Alumnus of the Pattern Recognition Lab of the Friedrich-Alexander-Universität Erlangen-Nürnberg

Motion compensation and noise reduction in Optical Coherence Tomography

OCT Motion Correction and Signal Enhancement

High speed Optical Coherence Tomography (OCT) makes it possible to capture dense 3D volumes data with micron scale resolution within seconds. One application is the generation of in vivo images of the human retina. In the last few years this technique has found widespread used for diagnosis of eye diseases and disease progression monitoring. In typical OCT operation a volume is not generated instantly, but instead is composed of a 2D grid of 1D axial depth profiles which are scanned sequentially to form the volume. OCT volume scan times normally range from 2 to 4 seconds. Eye Movement during the scan leads to distortion of the image. The effect of these distortions is that quantitative measurements which are important for clinical practice are compromised.

The two images above show how motion distorts a volumetric data set. These images show an optic nerve head of a healthy subject and were captured on a high speed, high resolution OCT prototype device. On the left the en face fundus projection of the volume is shown. It can be seen that motion in the transverse direction causes discontinuities in the vessels originating in the optic nerve head. On the right a single slice of the volume in the slow scanning direction is shown. Here, axial motion imposes a wavy up and down pattern on the true structure.

 

In this project we register two or more volumes with orthogonal fast scanning axes to find and correct the unknown eye motion. Registration is performed by optimizing a global objective function using one displacement field for each input volume and special regularization. Afterwards, each volume is undistorted and a merged volume constructed which has lower noise levels, compared to the individual input volumes.

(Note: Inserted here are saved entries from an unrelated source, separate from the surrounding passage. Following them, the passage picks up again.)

(* For every set $\theta$ of edges of $G$, $H$ is constant on each connected component of $\Gamma_\theta=\{x\in\Gamma: E_x=\theta\}$, where $E_x=\{\{i,j\}\in E: x_{ij}>0\}$.
   Context: Let $G=(\mathbb{V},E)$ be a finite graph with adjacency $\sim$ and edge set $E$. Let $a_{ij}=a_{ji}\ge0$ ($>0$ only if $i\sim j$) and $p_{ij}=p_{ji}\in[0,1]$ ($=0$ if $i\not\sim j$), with some $a_{ij}p_{ij}>0$. Fix $h_1\in(0,1]$; $\Delta$ is the set of arrays $x=(x_{ij})$ with $x_{ij}=x_{ji}\ge0$, $x_{ij}=0$ if $i\not\sim j$, $\sum_{i,j}x_{ij}=1$, $\sum_{(i,j):a_{ij}p_{ij}>0}x_{ij}\ge h_1$; $x_i=\sum_jx_{ij}$. $H(x)=\sum_{(i,j):x_{ij}>0}a_{ij}p_{ij}x_{ij}^2/(x_ix_j)$; $F(x)_{ij}=x_{ij}\big(a_{ij}p_{ij}\frac{x_{ij}}{x_ix_j}-H(x)\big)$, with $F_{ij}=0$ if $x_{ij}=0$ and $a_{ij}p_{ij}x_{ij}/(x_ix_j):=0$ if $a_{ij}p_{ij}=0$. $\Gamma=\{x\in\Delta:F(x)=0\}$. *)

From HB Require Import structures.
From mathcomp Require Import all_boot all_order all_algebra.
From mathcomp Require Import all_classical all_reals all_analysis.
Set Implicit Arguments. Unset Strict Implicit. Unset Printing Implicit Defensive.
Import Order.TTheory GRing.Theory Num.Theory.
Import numFieldNormedType.Exports.
Local Open Scope ring_scope.

Section Defs.
Variables (R : realType) (n : nat).

Definition simple_graph (adj : rel 'I_n) : Prop :=
  (forall i j, adj i j = adj j i) /\ (forall i, ~~ adj i i).

Definition xrow (x : 'M[R]_n) (i : 'I_n) : R := \sum_(j < n) x i j.

Definition Hfun (a p x : 'M[R]_n) : R :=
  \sum_(i < n) \sum_(j < n | 0 < x i j)
     a i j * p i j * x i j ^+ 2 / (xrow x i * xrow x j).

Definition Ffun (a p x : 'M[R]_n) : 'M[R]_n :=
  \matrix_(i, j)
    (if x i j == 0 then 0
     else x i j * (a i j * p i j * x i j / (xrow x i * xrow x j) - Hfun a p x)).

Definition Delta (adj : rel 'I_n) (a p : 'M[R]_n) (h1 : R) : set 'M[R]_n :=
  [set x | (forall i j, x i j = x j i) /\ (forall i j, 0 <= x i j) /\
           (forall i j, ~~ adj i j -> x i j = 0) /\
           \sum_(i < n) \sum_(j < n) x i j = 1 /\
           h1 <= \sum_(i < n) \sum_(j < n | 0 < a i j * p i j) x i j].

Definition Gamma (adj : rel 'I_n) (a p : 'M[R]_n) (h1 : R) : set 'M[R]_n :=
  [set x | Delta adj a p h1 x /\ Ffun a p x = 0].

Definition supp_edges (adj : rel 'I_n) (x : 'M[R]_n) : {set {set 'I_n}} :=
  [set e : {set 'I_n} | [exists i, exists j,
     [&& e == [set i; j], adj i j & 0 < x i j]]].

Definition Gamma_theta (adj : rel 'I_n) (a p : 'M[R]_n) (h1 : R)
  (theta : {set {set 'I_n}}) : set 'M[R]_n :=
  [set x | Gamma adj a p h1 x /\ supp_edges adj x = theta].

End Defs.

From HB Require Import structures.
From mathcomp Require Import all_boot all_order all_algebra.
From mathcomp Require Import all_classical all_reals all_analysis.
(* Imported last so that [xrow] is the row sum, not MathComp's row swap. *)
Import Order.TTheory GRing.Theory Num.Theory.
Import numFieldNormedType.Exports.
Local Open Scope ring_scope.
Local Open Scope classical_set_scope.
Set Implicit Arguments. Unset Strict Implicit.

(* Write c_ij = a_ij p_ij.  At a zero u of F every support entry satisfies
   c_ij u_ij = H(u) u_i u_j; summing over the support of row i gives
   sum_(j : u_ij > 0) u_j / c_ij = 1 / H(u) whenever u_i <> 0.  Hence for two
   zeros x, y with the same support, the double sum
   sum_i sum_(j : y_ij > 0) x_i y_j / c_ij equals 1 / H(y) (as sum_i x_i = 1),
   and by symmetry of c and of the support it also equals 1 / H(x).  So H is
   constant on all of Gamma_theta, a fortiori on its connected components. *)

Section GammaIdentities.
Variables (R : realType) (n : nat) (adj : rel 'I_n) (a p : 'M[R]_n) (h1 : R).
Hypothesis h1_gt0 : 0 < h1.

Lemma le_xrow (u : 'M[R]_n) : (forall i j, 0 <= u i j) ->
  forall i j, u i j <= xrow u i.
Proof.
move=> u_ge0 i j; rewrite /xrow (bigD1 j) //= lerDl.
by apply: sumr_ge0 => k _.
Qed.

Lemma Gamma_xrow_gt0 u i j : Gamma adj a p h1 u -> 0 < u i j ->
  0 < xrow u i /\ 0 < xrow u j.
Proof.
move=> [[u_sym [u_ge0 _]] _] uij; split; apply: lt_le_trans uij _.
  exact: (le_xrow u_ge0).
by rewrite u_sym; exact: (le_xrow u_ge0).
Qed.

Lemma Gamma_balance u i j : Gamma adj a p h1 u -> 0 < u i j ->
  a i j * p i j * u i j = Hfun a p u * (xrow u i * xrow u j).
Proof.
move=> Gu uij; have [xi xj] := Gamma_xrow_gt0 Gu uij.
have /matrixP/(_ i j) := Gu.2; rewrite !mxE (gt_eqF uij) => /eqP.
rewrite mulf_eq0 (gt_eqF uij) /= subr_eq0 => /eqP <-.
by rewrite divfK // mulf_neq0 // gt_eqF.
Qed.

Lemma Gamma_Hfun_neq0 u : Gamma adj a p h1 u -> Hfun a p u != 0.
Proof.
move=> Gu; have [[_ [u_ge0 [_ [_ h1_le]]]] _] := Gu.
apply/eqP => H0; move: h1_le; rewrite leNgt => /negP; apply.
rewrite big1 // => i _; apply: big1 => j cij.
have [/esym//|uij] := eqVneq (u i j) 0.
have uij_gt0 : 0 < u i j by rewrite lt_neqAle eq_sym uij u_ge0.
have /eqP := Gamma_balance Gu uij_gt0.
by rewrite H0 mul0r mulf_eq0 (gt_eqF cij) (negbTE uij).
Qed.

Lemma Gamma_row_sum u i : Gamma adj a p h1 u -> xrow u i != 0 ->
  \sum_(j < n | 0 < u i j) xrow u j / (a i j * p i j) = (Hfun a p u)^-1.
Proof.
move=> Gu ui_neq0; have [[_ [u_ge0 _]] _] := Gu.
have H_neq0 := Gamma_Hfun_neq0 Gu.
set S := \sum_(j < n | _) _.
have ui_eq : xrow u i = Hfun a p u * xrow u i * S.
  rewrite {1}/xrow (bigID (fun j => 0 < u i j)) /= [X in _ + X]big1; last first.
    by move=> j; rewrite lt_neqAle u_ge0 andbT negbK eq_sym => /eqP.
  rewrite addr0 /S mulr_sumr; apply: eq_bigr => j uij.
  have bal := Gamma_balance Gu uij; have [_ xj] := Gamma_xrow_gt0 Gu uij.
  have cij_neq0 : a i j * p i j != 0.
    apply/eqP => c0; move: bal; rewrite c0 mul0r => /esym/eqP.
    by rewrite !mulf_eq0 (negbTE H_neq0) (negbTE ui_neq0) (gt_eqF xj).
  by rewrite -[u i j](mulKf cij_neq0) bal mulrC -!mulrA.
have HS : Hfun a p u * S = 1 by apply: (mulIf ui_neq0); rewrite mul1r mulrAC -ui_eq.
by rewrite -[S](mulKf H_neq0) HS mulr1.
Qed.

Lemma Gamma_cross_sum x y : Gamma adj a p h1 x -> Gamma adj a p h1 y ->
  (forall i j, (0 < x i j) = (0 < y i j)) ->
  \sum_(i < n) \sum_(j < n | 0 < y i j) xrow x i * (xrow y j / (a i j * p i j))
  = (Hfun a p y)^-1.
Proof.
move=> [[_ [x_ge0 [_ [x_sum1 _]]]] _] Gy same_supp.
have [[_ [y_ge0 _]] _] := Gy.
transitivity (\sum_(i < n) xrow x i * (Hfun a p y)^-1); last first.
  by rewrite -mulr_suml x_sum1 mul1r.
apply: eq_bigr => i _; rewrite -mulr_sumr.
have [yi0|yi_neq0] := eqVneq (xrow y i) 0; last by rewrite Gamma_row_sum.
suff -> : xrow x i = 0 by rewrite !mul0r.
apply: big1 => j _; apply/eqP; rewrite eq_le x_ge0 andbT leNgt same_supp.
by rewrite (psumr_eq0P (fun k _ => y_ge0 i k) yi0) ?ltxx.
Qed.

Lemma Gamma_Hfun_eq x y :
  (forall i j, a i j = a j i) -> (forall i j, p i j = p j i) ->
  Gamma adj a p h1 x -> Gamma adj a p h1 y ->
  (forall i j, (0 < x i j) = (0 < y i j)) -> Hfun a p x = Hfun a p y.
Proof.
move=> a_sym p_sym Gx Gy same_supp.
have [[x_sym _] _] := Gx; have [[y_sym _] _] := Gy.
apply: invr_inj; rewrite -(Gamma_cross_sum Gy Gx) -?(Gamma_cross_sum Gx Gy) //.
under [LHS]eq_bigr => i _ do rewrite big_mkcond.
under [RHS]eq_bigr => i _ do rewrite big_mkcond.
rewrite exchange_big /=; apply: eq_bigr => i _; apply: eq_bigr => j _.
rewrite x_sym y_sym -same_supp a_sym p_sym [x j i]x_sym.
by case: ifP => // _; rewrite mulrCA.
Qed.

End GammaIdentities.

Lemma supp_edges_gt0 (R : realType) (n : nat) (adj : rel 'I_n) (x y : 'M[R]_n) :
  simple_graph adj -> (forall i j, ~~ adj i j -> x i j = 0) ->
  (forall i j, y i j = y j i) -> supp_edges adj x = supp_edges adj y ->
  forall i j, 0 < x i j -> 0 < y i j.
Proof.
move=> [_ adj_irr] x_adj y_sym supp_eq i j xij.
have adj_ij : adj i j by apply: contraTT xij => /x_adj ->; rewrite ltxx.
have : [set i; j]%SET \in supp_edges adj x.
  by rewrite inE; apply/existsP; exists i; apply/existsP; exists j; rewrite eqxx adj_ij xij.
rewrite supp_eq inE => /existsP [k /existsP [l /and3P [/eqP e _ ykl]]].
move: adj_ij; have /set2P[-> | ->] : i \in [set k; l]%SET by rewrite -e set21.
all: have /set2P[-> | ->] : j \in [set k; l]%SET by rewrite -e set22.
- by rewrite (negbTE (adj_irr k)).
- done.
- by rewrite y_sym.
- by rewrite (negbTE (adj_irr l)).
Qed.

Theorem lemma8 (R : realType) (n : nat) (adj : rel 'I_n) (a p : 'M[R]_n) (h1 : R)
  (Hg : simple_graph adj)
  (Ha_sym : forall i j, a i j = a j i) (Ha_ge0 : forall i j, 0 <= a i j)
  (Ha_adj : forall i j, (0 < a i j)%R -> adj i j)
  (Hp_sym : forall i j, p i j = p j i)
  (Hp_01 : forall i j, 0 <= p i j <= 1)
  (Hp_adj : forall i j, ~~ adj i j -> p i j = 0)
  (Hap : exists i j, (0 < a i j * p i j)%R)
  (Hh1 : 0 < h1 <= 1)
  (theta : {set {set 'I_n}}) (x y : 'M[R]_n) :
  Gamma_theta adj a p h1 theta x ->
  connected_component (Gamma_theta adj a p h1 theta) x y ->
  Hfun a p x = Hfun a p y.
Proof.
move=> [Gx Ex] /connected_component_sub [Gy Ey].
have h1_gt0 : 0 < h1 by case/andP: Hh1.
have [[x_sym [_ [x_adj _]]] _] := Gx; have [[y_sym [_ [y_adj _]]] _] := Gy.
have supp_eq : supp_edges adj x = supp_edges adj y by rewrite Ex Ey.
apply: (Gamma_Hfun_eq h1_gt0 Ha_sym Hp_sym Gx Gy) => i j; apply/idP/idP.
- exact: (supp_edges_gt0 Hg x_adj y_sym supp_eq).
- exact: (supp_edges_gt0 Hg y_adj x_sym (esym supp_eq)).
Qed.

This way, motion in all three dimensions, slow drift and saccadic movement, can be corrected. These methods promise to facilitate the acquisition of large 3D-OCT data sets and improve measurement reproducibility without the need for active eye tracking or motion free reference images.

The above two images show corresponding views to the two images shown before. This volume, however, is produced by registering and merging six volumes like the one shown before. No motion artifacts are visible. In addition the signal to noise ratio of the cross-sectional slice is significantly increased.


This work is done in collaboration with Prof. James G. Fujiomoto's group at the Research Laboratory of Electronics at the Massachusetts Institute of Technology which originally introduced OCT and has since then been leading in OCT research.

We gratefully acknowledge funding for this project from the German Science Foundation within the project DFG-HO-1791/11-1.